Lemma conv_delta_r (a : series) : incidence a -> conv a δ = a.
Proof.
move=> ia; apply: functional_extensionality => x; apply: functional_extensionality => y.
case: (boolP (x <= y)%O) => xy; last by rewrite conv_out // ia.
rewrite /conv (@fsum_eq _ [:: y]) //; first by rewrite big_seq1 lexx xy /delta eqxx mulr1.
move=> z; case: ifP => _; last by rewrite eqxx.
by rewrite /delta; case: (eqVneq z y) => [->|_]; rewrite ?inE ?mulr0 ?eqxx.
Qed.

Lemma diag_scale (a : series) : diagonal a -> a = rscale (fun x => a x x) δ.
Proof.
move=> Da; apply: functional_extensionality => x; apply: functional_extensionality => y.
by rewrite /rscale /delta; case: eqVneq => [<-|nxy]; rewrite ?mulr1 // mulr0 Da.
Qed.

Lemma conv_diag_l f (a : series) : FI a -> conv (rscale f δ) a = rscale f a.
Proof. by move=> Fa; rewrite conv_scalel ?conv_delta_l //; [exact: Fa.1 | exact: FI_delta]. Qed.

Local Hint Resolve FI_delta : core.

(* A finitary series with unit diagonal is invertible: write u = δ + n with n
   strictly triangular and sum the Neumann series of n. *)
Section Unitriangular.
Variable u : series.
Hypotheses (Fu : FI u) (u_diag : forall x, u x x = 1).

Definition strict : series := sadd u (rscale (fun=> -1) δ).

Lemma FI_strict : FI strict.
Proof. exact: FI_sadd Fu (FI_rscale _ FI_delta). Qed.

Lemma strict_diag x : strict x x = 0.
Proof. by rewrite /strict /sadd /rscale u_diag /delta eqxx mulN1r subrr. Qed.

Lemma u_split : u = sadd δ strict.
Proof.
apply: functional_extensionality => x; apply: functional_extensionality => y.
by rewrite /sadd /strict /sadd /rscale mulN1r addrC subrK.
Qed.

Fixpoint npow (k : nat) : series := if k is k'.+1 then conv strict (npow k') else δ.

Lemma FI_npow k : FI (npow k).
Proof. by elim: k => [|k IH] //=; apply: FI_conv => //; exact: FI_strict. Qed.
Local Hint Resolve FI_strict FI_npow : core.

Lemma npow_succ_r k : conv (npow k) strict = npow k.+1.
Proof.
elim: k => [|k IH] /=; first by rewrite conv_delta_l ?conv_delta_r //; case: FI_strict.
by rewrite conv_assoc ?IH.
Qed.

Lemma covers_npow L x y k : covers L x y strict -> covers L x y (npow k).
Proof.
move=> cn; elim: k => [|k IH] /=; last exact: covers_conv.
by move=> p q _ pq _; rewrite /delta (lt_eqF pq) eqxx.
Qed.

(* A nonzero entry n^k(u',v) is a chain u' < z_1 < ... < z_k = v of nonzero
   entries of n, so k is at most the number of points of L in (u',v]. *)
Lemma npow_bound L x y : covers L x y strict -> forall k u' v, (x <= u')%O -> (v <= y)%O ->
  npow k u' v != 0 -> (k <= count (fun w => (u' < w)%O && (w <= v)%O) L)%N.
Proof.
move=> cn k; elim: k => [//|k IH] u' v xu vy /= /fsum_nz [z].
case: ifP => [/andP [uz zv]|]; last by rewrite eqxx.
move=> nz.
have na : strict u' z != 0 by apply: contraNneq nz => ->; rewrite mul0r.
have nb : npow k z v != 0 by apply: contraNneq nz => ->; rewrite mulr0.
have uz' : (u' < z)%O.
  by rewrite lt_neqAle uz andbT; apply: contraNneq na => <-; rewrite strict_diag.
have /andP [_ zL] := cn u' z xu uz' (le_trans zv vy) na.
apply: leq_ltn_trans (IH z v (le_trans xu uz) vy nb) _.
(* z is counted for u' but not for z itself. *)
apply: (count_lt_witness (z := z)) => //.
- by move=> w /andP [zw wv]; rewrite (lt_trans uz' zw) wv.
- by rewrite uz' zv.
- by rewrite ltxx.
Qed.

Lemma npow_vanish L x y u' v k : covers L x y strict -> (x <= u')%O -> (v <= y)%O ->
  (size L < k)%N -> npow k u' v = 0.
Proof.
move=> cn xu vy Lk; apply/eqP; apply: contraT => nz.
have := leq_trans (npow_bound cn xu vy nz) (count_size _ _).
by rewrite leqNgt Lk.
Qed.

Lemma npow_eventually x y : exists N, forall k, (N <= k)%N -> npow k x y = 0.
Proof.
have [L cL] := finitary_cover x y FI_strict.2.
by exists (size L).+1 => k; apply: (npow_vanish cL (lexx x) (lexx y)).
Qed.

Definition geom (M : nat) : series := fun x y => \sum_(k < M) (-1) ^+ k * npow k x y.

Lemma geomS M : geom M.+1 = sadd (geom M) (rscale (fun=> (-1) ^+ M) (npow M)).
Proof.
apply: functional_extensionality => x; apply: functional_extensionality => y.
by rewrite /geom big_ord_recr.
Qed.

Lemma FI_geom M : FI (geom M).
Proof.
elim: M => [|M IH]; last by rewrite geomS; apply: FI_sadd => //; exact: FI_rscale.
split; first by move=> x y _; rewrite /geom big_ord0.
by move=> x y _; exists [::] => p q _ _ _; rewrite /geom big_ord0 eqxx.
Qed.
Local Hint Resolve FI_geom : core.

Lemma covers_geom L x y M : covers L x y strict -> covers L x y (geom M).
Proof.
move=> cn; elim: M => [|M IH]; first by move=> p q _ _ _; rewrite /geom big_ord0 eqxx.
by rewrite geomS; apply: covers_sadd => //; apply: covers_rscale; exact: covers_npow.
Qed.

Lemma conv_u_geom M x y : conv u (geom M) x y = δ x y - (-1) ^+ M * npow M x y.
Proof.
elim: M => [|M IH].
  by rewrite conv_null ?expr0 ?mul1r ?subrr // => z _ _; rewrite /geom big_ord0 mulr0.
have u_npow : conv u (npow M) = sadd (npow M) (npow M.+1).
  by rewrite {1}u_split conv_addl ?conv_delta_l //; case: (FI_npow M).
rewrite geomS conv_addr ?conv_scaler //; last exact: FI_rscale.
rewrite /sadd /rscale IH u_npow /sadd.
by rewrite exprS mulrDr addrA subrK mulN1r mulNr opprK.
Qed.

Lemma conv_geom_u M x y : conv (geom M) u x y = δ x y - (-1) ^+ M * npow M x y.
Proof.
elim: M => [|M IH].
  by rewrite conv_null ?expr0 ?mul1r ?subrr // => z _ _; rewrite /geom big_ord0 mul0r.
have npow_u : conv (npow M) u = sadd (npow M) (npow M.+1).
  by rewrite {1}u_split conv_addr ?conv_delta_r ?npow_succ_r //; case: (FI_npow M).
rewrite geomS conv_addl ?conv_scalel //; last exact: FI_rscale.
rewrite /sadd /rscale IH npow_u /sadd.
by rewrite exprS mulrDr addrA subrK mulN1r mulNr opprK.
Qed.

Lemma geom_stable x y N M : (forall k, (N <= k)%N -> npow k x y = 0) -> (N <= M)%N ->
  geom M x y = geom N x y.
Proof.
move=> HN; elim: M => [|M IH]; first by rewrite leqn0 => /eqP ->.
rewrite leq_eqVlt => /orP [/eqP -> //|]; rewrite ltnS => NM.
by rewrite geomS /sadd /rscale HN // mulr0 addr0 IH.
Qed.

(* The inverse of u: at each (x,y), the Neumann series stopped at a chosen
   index beyond which the powers of n vanish at (x,y). *)
Definition nil_index x y : nat :=
  epsilon (inhabits 0%N) (fun N => forall k, (N <= k)%N -> npow k x y = 0).

Definition inverse : series := fun x y => geom (nil_index x y) x y.

Lemma inverseE x y M : (forall k, (M <= k)%N -> npow k x y = 0) -> inverse x y = geom M x y.
Proof.
move=> HM; have HB := epsilon_spec (inhabits 0%N) _ (npow_eventually x y).
rewrite /inverse -(geom_stable HB (leq_maxr M (nil_index x y))).
exact: geom_stable HM (leq_maxl _ _).
Qed.

Lemma inverse_on L x y z w : covers L x y strict -> (x <= z)%O -> (w <= y)%O ->
  inverse z w = geom (size L).+1 z w.
Proof. by move=> cn xz wy; apply: inverseE => k; apply: npow_vanish cn xz wy. Qed.

Lemma FI_inverse : FI inverse.
Proof.
split; first by move=> x y nxy; rewrite /inverse (FI_geom _).1.
apply: cover_finitary => x y _; have [L cL] := finitary_cover x y FI_strict.2.
exists L => p q xp pq qy; rewrite /inverse; exact: covers_geom cL p q xp pq qy.
Qed.

(* On [x,y] the inverse agrees with g_(|L|+1), whose products with u are
   δ - (-1)^M n^M = δ there. *)
Lemma inverse_r : ieq (conv u inverse) δ.
Proof.
move=> x y _; have [L cL] := finitary_cover x y FI_strict.2.
rewrite (@conv_eq_on u u inverse (geom (size L).+1)); last first.
  by move=> z xz _; split=> //; exact: inverse_on cL xz (lexx y).
by rewrite conv_u_geom (npow_vanish cL (lexx x) (lexx y)) ?mulr0 ?subr0.
Qed.

Lemma inverse_l : ieq (conv inverse u) δ.
Proof.
move=> x y _; have [L cL] := finitary_cover x y FI_strict.2.
rewrite (@conv_eq_on inverse (geom (size L).+1) u u); last first.
  by move=> z _ zy; split=> //; exact: inverse_on cL (lexx x) zy.
by rewrite conv_geom_u (npow_vanish cL (lexx x) (lexx y)) ?mulr0 ?subr0.
Qed.

Lemma unitriangular_inverse : exists b, [/\ FI b, conv u b = δ & conv b u = δ].
Proof.
exists inverse; split; first exact: FI_inverse.
  by apply: ieq_eq inverse_r; [move=> x y; exact: conv_out | case: FI_delta].
by apply: ieq_eq inverse_l; [move=> x y; exact: conv_out | case: FI_delta].
Qed.

End Unitriangular.

Lemma conj_of_intertwining (alpha eps u b : series) :
  FI alpha -> FI eps -> FI u -> FI b ->
  conv b u = δ -> conv eps u = conv u alpha -> alpha = conv (conv b eps) u.
Proof.
move=> Fa Fe Fu Fb bu intw.
by rewrite conv_assoc // intw -conv_assoc // bu conv_delta_l //; case: Fa.
Qed.

Section Idempotent.
Variable alpha : series.
Hypotheses (Fa : FI alpha) (alpha_idem : ieq (conv alpha alpha) alpha).

Let e x := alpha x x.

Lemma alpha2 : conv alpha alpha = alpha.
Proof. by apply: ieq_eq alpha_idem; [move=> x y; exact: conv_out | case: Fa]. Qed.

Lemma diag_idem x : e x * e x = e x.
Proof. by rewrite /e -conv_diag alpha2. Qed.

Lemma diag_orth x : e x * (1 - e x) = 0.
Proof. by rewrite mulrBr mulr1 diag_idem subrr. Qed.

Definition intertwiner : series :=
  sadd (rscale e alpha) (rscale (fun x => 1 - e x) (sadd δ (rscale (fun=> -1) alpha))).

Lemma FI_intertwiner : FI intertwiner.
Proof. by apply: FI_sadd; apply: FI_rscale => //; apply: FI_sadd => //; exact: FI_rscale. Qed.

(* Diagonal entries: e^2 + (1 - e)^2 = e + (1 - e) = 1. *)
Lemma intertwiner_diag x : intertwiner x x = 1.
Proof.
rewrite /intertwiner /sadd /rscale /delta eqxx -/(e x) mulN1r diag_idem.
by rewrite mulrBl mul1r diag_orth subr0 addrC subrK.
Qed.

(* eps u = e·u = e·alpha, using e^2 = e and e (1 - e) = 0. *)
Lemma intertwiner_left : conv (rscale e δ) intertwiner = rscale e alpha.
Proof.
rewrite conv_diag_l; last exact: FI_intertwiner.
apply: functional_extensionality => x; apply: functional_extensionality => y.
by rewrite /intertwiner /rscale /sadd mulrDr !mulrA diag_idem diag_orth mul0r addr0.
Qed.

(* u alpha = e·alpha^2 + (1 - e)·(alpha - alpha^2) = e·alpha. *)
Lemma intertwiner_right : conv intertwiner alpha = rscale e alpha.
Proof.
have Fn : FI (rscale (fun=> -1) alpha) by exact: FI_rscale.
have Fm : FI (sadd δ (rscale (fun=> -1) alpha)) by exact: FI_sadd.
rewrite conv_addl ?conv_scalel //; try exact: FI_rscale.
rewrite conv_addl ?conv_scalel ?conv_delta_l ?alpha2 //; last by case: Fa.
apply: functional_extensionality => x; apply: functional_extensionality => y.
by rewrite /sadd /rscale mulN1r subrr mulr0 addr0.
Qed.

End Idempotent.

End IncidenceAlgebra.

Theorem theorem3 (K : fieldType) (d : Order.disp_t) (P : porderType d)
    (alpha eps : series K P) :
  FI alpha ->
  ieq (conv alpha alpha) alpha ->
  diagonal eps -> incidence eps ->
  (forall x : P, eps x x = alpha x x) ->
  ieq (conv eps eps) eps /\
  exists beta beta' : series K P,
    [/\ FI beta, FI beta',
        ieq (conv beta beta') (@delta K d P),
        ieq (conv beta' beta) (@delta K d P)
      & ieq alpha (conv (conv beta' eps) beta)].
Proof.
move=> Fa idem Deps _ eps_diag.
have Eeps : eps = rscale (fun x => alpha x x) (@delta K d P).
  by rewrite {1}(diag_scale Deps); congr rscale; exact: functional_extensionality.
have Fe : FI eps by rewrite Eeps; apply: FI_rscale; exact: FI_delta.
have Fu := FI_intertwiner Fa.
have [b [Fb ub bu]] := unitriangular_inverse Fu (intertwiner_diag Fa idem).
split.
  move=> x y _; rewrite {1}Eeps conv_diag_l // Eeps /rscale mulrA.
  by rewrite (diag_idem Fa idem).
exists (intertwiner alpha), b; split=> //; try by move=> x y _; rewrite ?ub ?bu.
move=> x y _; rewrite -(conj_of_intertwining Fa Fe Fu Fb bu) // Eeps.
by rewrite (intertwiner_left Fa idem) (intertwiner_right Fa idem).
Qed.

···

TASK ITEM:
Within the material above, copy exactly the lines from the line that holds "have npow_u : conv" up to and including the line that holds "(* The inverse".

ANSWER FOR THE TASK:
have npow_u : conv (npow M) u = sadd (npow M) (npow M.+1).
  by rewrite {1}u_split conv_addr ?conv_delta_r ?npow_succ_r //; case: (FI_npow M).
rewrite geomS conv_addl ?conv_scalel //; last exact: FI_rscale.
rewrite /sadd /rscale IH npow_u /sadd.
by rewrite exprS mulrDr addrA subrK mulN1r mulNr opprK.
Qed.

Lemma geom_stable x y N M : (forall k, (N <= k)%N -> npow k x y = 0) -> (N <= M)%N ->
  geom M x y = geom N x y.
Proof.
move=> HN; elim: M => [|M IH]; first by rewrite leqn0 => /eqP ->.
rewrite leq_eqVlt => /orP [/eqP -> //|]; rewrite ltnS => NM.
by rewrite geomS /sadd /rscale HN // mulr0 addr0 IH.
Qed.

(* The inverse of u: at each (x,y), the Neumann series stopped at a chosen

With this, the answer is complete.